NavList:
A Community Devoted to the Preservation and Practice of Celestial Navigation and Other Methods of Traditional Wayfinding
From: Frank Reed
Date: 2018 Jan 8, 10:59 -0800
So test it out experimentally. While you're on the ground, get out and take a half-dozen sights with no windscreen interfering. Then at the same location, shoot from the cockpit. Alternate back and forth. Do this over a long enough period of time, and you will create your own "dome refraction" table. You may discover that there is no statistically significant correction different from zero. As long as the glass is plane-parallel, there should be no correction.

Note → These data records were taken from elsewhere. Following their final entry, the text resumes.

Lemma cuts_root T c : List.In c (cuts T) -> root_lab c.2 = root_lab T.
Proof. by case: T => [i [<- | []] | i b ch /In_cuts_Node [-> | [d _ ->]]]. Qed.

(* The [_of] lemmas lift a statement about the cuts of each tree of [F] to the
   cuts of [F]; they serve both the inductive step on the children of a node
   and the final statement about forests. *)
Lemma fcuts_fnnodes_of F c :
  (forall T, List.In T F -> forall d, List.In d (cuts T) ->
     fnnodes d.1 + nnodes d.2 = nnodes T)%N ->
  List.In c (fcuts F) -> (fnnodes c.1 + fnnodes c.2 = fnnodes F)%N.
Proof.
move=> /In_fcuts /[apply] -[cs + ->] /=.
elim=> [|d T cs' F' eqd _ IH] /=; first by rewrite /fnnodes !big_nil.
by rewrite fnnodes_cat !fnnodes_cons -eqd -IH addnACA.
Qed.

Lemma cuts_nnodes T c :
  List.In c (cuts T) -> (fnnodes c.1 + nnodes c.2 = nnodes T)%N.
Proof.
elim/tree_nested_ind: T c => [i c [<- | []] | i b ch /List.Forall_forall IH c].
  by rewrite /fnnodes big_seq1.
case/In_cuts_Node=> [-> | [d din ->]]; first by rewrite /= addn0 /fnnodes big_seq1.
by rewrite !nnodes_Node addnS (fcuts_fnnodes_of IH).
Qed.

Lemma fcuts_nodeless_of F c :
  (forall T, List.In T F -> forall d, List.In d (cuts T) ->
     nodeless d.1 -> d.2 = T) ->
  List.In c (fcuts F) -> nodeless c.1 -> c.2 = F.
Proof.
move=> /In_fcuts /[apply] -[cs + ->] /=.
elim=> [|d T cs' F' eqd _ IH] //=.
by rewrite /nodeless all_cat => /andP [/eqd -> /IH ->].
Qed.

Lemma cuts_nodeless T c : List.In c (cuts T) -> nodeless c.1 -> c.2 = T.
Proof.
elim/tree_nested_ind: T c => [i c [<- | []] // | i b ch /List.Forall_forall IH c].
by case/In_cuts_Node=> [-> | [d din ->]] //= /(fcuts_nodeless_of IH din) ->.
Qed.

Lemma fcuts_wf_of F c :
  (forall T, List.In T F -> forall d, List.In d (cuts T) ->
     wf_tree d.2 /\ root_lab d.2 = root_lab T) ->
  List.In c (fcuts F) ->
  [/\ wf_forest c.2, size c.2 = size F & map (@root_lab P) c.2 = map (@root_lab P) F].
Proof.
move=> /In_fcuts /[apply] -[cs + ->] /=.
elim=> [|d T cs' F' [wfd rootd] _ [wfcs eqsize eqroot]] //=.
by rewrite eqsize eqroot rootd.
Qed.
Ltac comp_basic_step :=
  match goal with
  | |- computable2 _ _ => unfold computable2
  | |- computable3 _ _ => unfold computable3
  | |- computable _ (fun x => x) => apply computable_id
  | |- computable _ unfst => apply (computable_unfst _ (fun x => x)); apply computable_id
  | |- computable _ unsnd => apply (computable_unsnd _ (fun x => x)); apply computable_id
  | |- computable _ (fun _ => ?c) => apply computable_const
  | |- computable _ (fun x => S (@?a x)) => apply (computable_S _ a)
  | |- computable _ (fun x => unfst (@?a x)) => apply (computable_unfst _ a)
  | |- computable _ (fun x => unsnd (@?a x)) => apply (computable_unsnd _ a)
  | |- computable _ (fun x => pair (@?a x) (@?b x)) => apply (computable_pair _ a b)
  | |- computable ?Z (fun x => if ?Z (@?a x) then 1 else 0) => apply (computable_oracle _ a)
  | |- computable ?Z (fun x => Nat.b2n (?Z (@?a x))) => apply (computable_oracle _ a)
  | |- computable _ (fun x => primrec ?f ?g (@?a x) (@?b x)) =>
        apply (computable_primrec _ f g a b)
  | |- computable _ (fun x => ?g (@?a x) (@?b x) (@?c x)) =>
        apply (computable3_app _ g a b c);
        [first [assumption | solve [eauto with computable_db]] | | |]
  | |- computable _ (fun x => ?g (@?a x) (@?b x)) =>
        apply (computable2_app _ g a b);
        [first [assumption | solve [eauto with computable_db]] | |]
  | |- computable _ (fun x => ?g (@?a x)) =>
        apply (computable_comp _ g a);
        [first [assumption | solve [eauto with computable_db]] | ]
  | |- computable _ ?f => assumption
  end.

Ltac comp_basic := repeat comp_basic_step.

Lemma computable_add Z : computable2 Z Nat.add.
Proof.
  eapply computable_ext;
    [| apply (computable_primrec2 Z (fun x => x) (fun _ _ y => S y)); comp_basic].
  intro w. simpl. generalize (unfst w) (unsnd w). intros x n. induction n; simpl; lia.
Qed.
#[local] Hint Resolve computable_add : computable_db.

Definition ifz (c a b : nat) : nat := match c with 0 => a | S _ => b end.

Lemma computable_ifz Z : computable3 Z ifz.
Proof.
  eapply computable_ext; [| unfold computable3;
    apply (computable_primrec Z (fun x => unfst x) (fun x _ _ => unsnd x)
             (fun w => pair (unsnd (unfst w)) (unsnd w)) (fun w => unfst (unfst w)));
    comp_basic].
  intro w. simpl. destruct (unfst (unfst w)); simpl;
    rewrite ?unfst_pair, ?unsnd_pair; reflexivity.
Qed.
#[local] Hint Resolve computable_ifz : computable_db.

Lemma computable_pred Z : computable Z Nat.pred.
Proof.
  eapply computable_ext; [| apply (computable_primrec Z (fun _ => 0) (fun _ n _ => n)
                                      (fun _ => 0) (fun x => x)); comp_basic].
  intro n. destruct n; reflexivity.
Qed.
#[local] Hint Resolve computable_pred : computable_db.

Lemma computable_sub Z : computable2 Z Nat.sub.
Proof.
  eapply computable_ext;
    [| apply (computable_primrec2 Z (fun x => x) (fun _ _ y => Nat.pred y)); comp_basic].
  intro w. simpl. generalize (unfst w) (unsnd w). intros x n. induction n; simpl; lia.
Qed.
#[local] Hint Resolve computable_sub : computable_db.

Lemma computable_mul Z : computable2 Z Nat.mul.
Proof.
  eapply computable_ext;
    [| apply (computable_primrec2 Z (fun _ => 0) (fun x _ y => y + x)); comp_basic].
  intro w. simpl. generalize (unfst w) (unsnd w). intros x n. induction n; simpl; lia.
Qed.
#[local] Hint Resolve computable_mul : computable_db.

Lemma computable_pow Z : computable2 Z Nat.pow.
Proof.
  eapply computable_ext;
    [| apply (computable_primrec2 Z (fun _ => 1) (fun x _ y => y * x)); comp_basic].
  intro w. simpl. generalize (unfst w) (unsnd w). intros x n.
  induction n; cbn [primrec]; [reflexivity|]. rewrite IHn. simpl. lia.
Qed.
#[local] Hint Resolve computable_pow : computable_db.

Lemma computable_andb Z a b :
  computable Z (fun x => Nat.b2n (a x)) -> computable Z (fun x => Nat.b2n (b x)) ->
  computable Z (fun x => Nat.b2n (a x && b x)).
Proof.
  intros. eapply computable_ext;
    [| apply (computable3_app Z ifz (fun x => Nat.b2n (a x)) (fun _ => 0)
                               (fun x => Nat.b2n (b x))); comp_basic; eauto].
  intro x. simpl. destruct (a x), (b x); reflexivity.
Qed.

Lemma computable_negb Z a :
  computable Z (fun x => Nat.b2n (a x)) -> computable Z (fun x => Nat.b2n (negb (a x))).
Proof.
  intros. eapply computable_ext;
    [| apply (computable3_app Z ifz (fun x => Nat.b2n (a x)) (fun _ => 1) (fun _ => 0));
       comp_basic; eauto].
  intro x. simpl. destruct (a x); reflexivity.
Qed.

Lemma computable_implb Z a b :
  computable Z (fun x => Nat.b2n (a x)) -> computable Z (fun x => Nat.b2n (b x)) ->
  computable Z (fun x => Nat.b2n (implb (a x) (b x))).
Proof.
  intros. eapply computable_ext;
    [| apply (computable_negb Z (fun x => a x && negb (b x)));
       apply computable_andb; [|apply computable_negb]; auto].
  intro x. simpl. destruct (a x), (b x); reflexivity.
Qed.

Also, do you have a marine sextant? Or can you borrow one? Shoot a star-to-star angle --for example, Sirius to Capella. You'll get some angle that varies only slowly with time and location, which you could compare against a computed angle, but that doesn't necessarily matter. You don't need to worry about any sextant or astronomical refraction corrections. What you should look at it is the change in angle as you move around in the cockpit: a foot left, then right, forward, back. You can do this "live". That is, while holding the two stars in apparent contact in the sextant's field of view, move yourself about so that your lines of sight pass through different sections of the windscreen. The stars will change their contact slightly due to this "dome" issue. If it's ony a minute of arc or a few minutes of arc, then that's negligible for air celestial navigation.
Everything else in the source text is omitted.